What is the sum of the four numbers directly adjacent to the number “2018” in this spiral?
.................. 26
13 12 11 10 25
14 3 2 9 24
15 4 1 8 23
16 5 6 7 22
17 18 19 20 21
\(\begin{array}{cccc} \text{Start at $(0, 0) = 1$ }\\\\ && \boxed{2019\\\tiny{(22,16)}} \\ && \uparrow \\ & \boxed{1843\\\tiny{(21,15)}} \leftarrow & \boxed{2018\\\tiny{(22,15)}} & \rightarrow \boxed{2201\\\tiny{(23,15)}} \\ & & \downarrow \\ & & \boxed{2017\\\tiny{(22,14)}} \\ \end{array} \)
\(1843+2017+2019+2201 = 8080 \)
+26367 Computing...
1.
\(\text{Numbers}:\\ \begin{array}{rrrrrrr} 31 & 30 & 29 & 28 & 27 & 26 & \\ 32 & 13 & 12 & 11 & 10 & 25 & \\ \ldots & 14 & 3 & 2 & 9 & 24 & \\ \ldots & 15 & 4 & 1 & 8 & 23 & \\ \ldots & 16 & 5 & 6 & 7 & 22 & \\ \ldots & 17 & 18 & 19 & 20 & 21 & \\ \end{array} \)
2.
\(\text{Coordinates of the lattice points}:\\ \begin{array}{rrrrrrr} \text{Start at $(0, 0) = 1$ }\\\\ (-3,3) & (-2,3) & (-1,3) & (0,3) & (1,3) & (2,3) & \\ (-3,2) & (-2,2) & (-1,2) & (0,2) & (1,2) & (2,2) & \\ \ldots & (-2,1) & (-1,1) & (0,1) & (1,1) & (2,1) & \\ \ldots & (-2,0) & (-1,0) & (0,0) & (1,0) & (2,0) & \\ \ldots & (-2,-1) & (-1,-1) & (0,-1) & (1,-1) & (2,-1) & \\ \ldots & (-2,-2) & (-1,-2) & (0,-2) & (1,-2) & (2,-2) & \\ \end{array}\)
3.
\(\text{Algorithem to get the lattice point coordinates:} \\ \begin{array}{|r|r|} \hline \text{lattice point number} & \text{coordinate }(x,y) \\ \hline 1.& (0,0) \\ 2.& (0,1) \\ 3.& (-1,1) \\ 4.& (-1,0) \\ 5.& (-1,-1) \\ 6.& (0,-1) \\ 7.& (1,-1) \\ 8.& (1,0) \\ 9.& (1,1) \\ 10.& (1,2) \\ 11.& (0,2) \\ 12.& (-1,2) \\ 13.& (-2,2) \\ 14.& (-2,1) \\ 15.& (-2,0) \\ 16.& (-2,-1) \\ 17.& (-2,-2) \\ 18.& (-1,-2) \\ 19.& (0,-2) \\ 20.& (1,-2) \\ 21.& (2,-2) \\ 22.& (2,-1) \\ 23.& (2,0) \\ 24.& (2,1) \\ 25.& (2,2) \\ 26.& (2,3) \\ 27.& (1,3) \\ 28.& (0,3) \\ 29.& (-1,3) \\ 30.& (-2,3) \\ 31.& (-3,3) \\ 32.& (-3,2) \\ \ldots \\ 1843.& (21,15) \\ \ldots \\ 2017.& (22,14) \\ \ldots \\ 2018.& (22,15) \\ \ldots \\ 2019.& (22,16) \\ \ldots \\ 2201.& (23,15) \\ \ldots \\ \hline \end{array}\)
4.
short algorithm to get (x,y) the index in a grid-net of the spiral in c++:
int n_max = 2818;
int y_coordinate = 0;
int x_coordinate = 0;
for(int i = 0; i < n_max; ++i) {
// output Number i+1
// output x_coordinate
// output y_coordinate
if(abs(y_coordinate) <= abs(x_coordinate) && (y_coordinate != x_coordinate || y_coordinate >= 0))

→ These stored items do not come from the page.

(* Let $H$ be a real Hilbert space with inner product $(\cdot,\cdot)_H$ and norm $\|\cdot\|_H$. Let $\mathcal{L}$ be a symmetric positive definite linear operator on $H$ and $f:H\to\mathbb{R}$ Fréchet differentiable with $\nabla f$ Lipschitz continuous with constant $L$. For each $\Phi\in H$ let $\mathbf{L}(\Phi)=\mathbf{M}(\Phi)+\mathbf{S}(\Phi)$ with $\mathbf{S}(\Phi)$ skew-symmetric and $-\mathbf{M}(\Phi)$ symmetric positive definite, and assume there are constants $\alpha_{\mathbf{M}},\beta_{\mathbf{S}}>0$ such that for all $\Phi,\Psi_1,\Psi_2,\Psi\in H$: $(\mathbf{S}(\Phi)\Psi_1,\Psi_2)_H\le\beta_{\mathbf{S}}\|\Psi_1\|_H\|\Psi_2\|_H$ and $(-\mathbf{M}(\Phi)\Psi,\Psi)_H\ge\alpha_{\mathbf{M}}\|\Psi\|_H^2$. Let $\tau>0$, $A>0$, let $\Phi^{n-1},\Phi^n\in H$ and $\hat\Phi^{n+\frac12}\in H$ be given, and suppose $\Phi^{n+1}$ satisfies the SGE-SCN scheme $$\frac{\Phi^{n+1}-\Phi^n}{\tau}=\mathbf{L}(\hat\Phi^{n+\frac12})\mu^{n+\frac12},\qquad \mu^{n+\frac12}=\mathcal{L}\Phi^{n+\frac12}-\tau A\,\mathbf{M}(\hat\Phi^{n+\frac12})(\Phi^{n+1}-\Phi^n)+\tfrac32\nabla f(\Phi^n)-\tfrac12\nabla f(\Phi^{n-1}),$$ with $\Phi^{n+\frac12}=\frac12(\Phi^{n+1}+\Phi^n)$. Define $$\tilde E_{CN}(\Phi^{k+1},\Phi^k)=\tfrac12\|\mathcal{L}^{1/2}\Phi^{k+1}\|_H^2+f(\Phi^{k+1})+\tfrac L4\|\Phi^{k+1}-\Phi^k\|_H^2 .$$ Then, provided $A\ge\frac{L^2}{4}\big(1+\frac{\beta_{\mathbf{S}}}{\alpha_{\mathbf{M}}}\big)^2$ (so that the right-hand side below is nonpositive), $$\tilde E_{CN}(\Phi^{n+1},\Phi^n)-\tilde E_{CN}(\Phi^n,\Phi^{n-1})\le-\Big(2\big(1+\tfrac{\beta_{\mathbf{S}}}{\alpha_{\mathbf{M}}}\big)^{-1}\sqrt A-L\Big)\|\Phi^{n+1}-\Phi^n\|_H^2 .$$
   Context: $\|\mathcal{L}^{1/2}\Phi\|_H^2=(\Phi,\mathcal{L}\Phi)_H$. Skew-symmetric: $(\mathbf{S}\Phi,\Psi)_H=-(\Phi,\mathbf{S}\Psi)_H$. *)

From HB Require Import structures.
From mathcomp Require Import all_boot all_order all_algebra.
From mathcomp Require Import all_classical all_reals all_analysis.
Set Implicit Arguments. Unset Strict Implicit. Unset Printing Implicit Defensive.
Import Order.TTheory GRing.Theory Num.Theory.
Import numFieldNormedType.Exports.
Local Open Scope ring_scope.
Let e_nonincreasing m n : (m <= n)%N -> e n <= e m.
Proof.
move=> mn; rewrite ler_pM2r ?divr_gt0 ?subr_gt0 //.
by rewrite /harmonic /= lef_pV2 ?posrE ?ltr0n // ler_nat.
Qed.

Let e_cvg0 : e n @[n --> \oo] --> 0.
Proof.
by rewrite -(mul0r ((d - c) / 3)); apply: cvgM; [exact: cvg_harmonic | exact: cvg_cst].
Qed.

Let K n : set R := `[c + e n, d - e n].

Let K_sub n : K n `<=` `]c, d[.
Proof.
move=> x; rewrite /K /= !in_itv /= => /andP[cx xd].
by have en := e_gt0 n; apply/andP; split; lra.
Qed.

Let K_nondecreasing : nondecreasing_seq K.
Proof.
move=> m n mn; rewrite subsetEset => x; rewrite /K /= !in_itv /= => /andP[].
by have emn := e_nonincreasing mn; move=> *; apply/andP; split; lra.
Qed.

Let bigcup_K : \bigcup_n K n = `]c, d[%classic.
Proof.
apply/seteqP; split=> [x [n _ /K_sub //]|x].
rewrite /= in_itv /= => /andP[cx xd].
have m_gt0 : 0 < Num.min (x - c) (d - x) by rewrite lt_min !subr_gt0 cx xd.
have [N _ eN] := cvgr_lt _ e_cvg0 _ m_gt0.
exists N => //; have := eN N (leqnn N); rewrite lt_min => /andP[].
by rewrite /K /= in_itv /=; move=> *; apply/andP; split; lra.
Qed.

y_coordinate += ((x_coordinate >= 0) ? 1 : -1);
else
x_coordinate += ((y_coordinate >= 0) ? -1 : 1);
}
Find the lattice point coordinate of 2018.
We find (22,15).
The four numbers directly adjacent to the number “2018” in
this spiral are (21,15), (22,14), (22,16), (23,15).
The Numbers are 1843, 2017, 2019, 2201.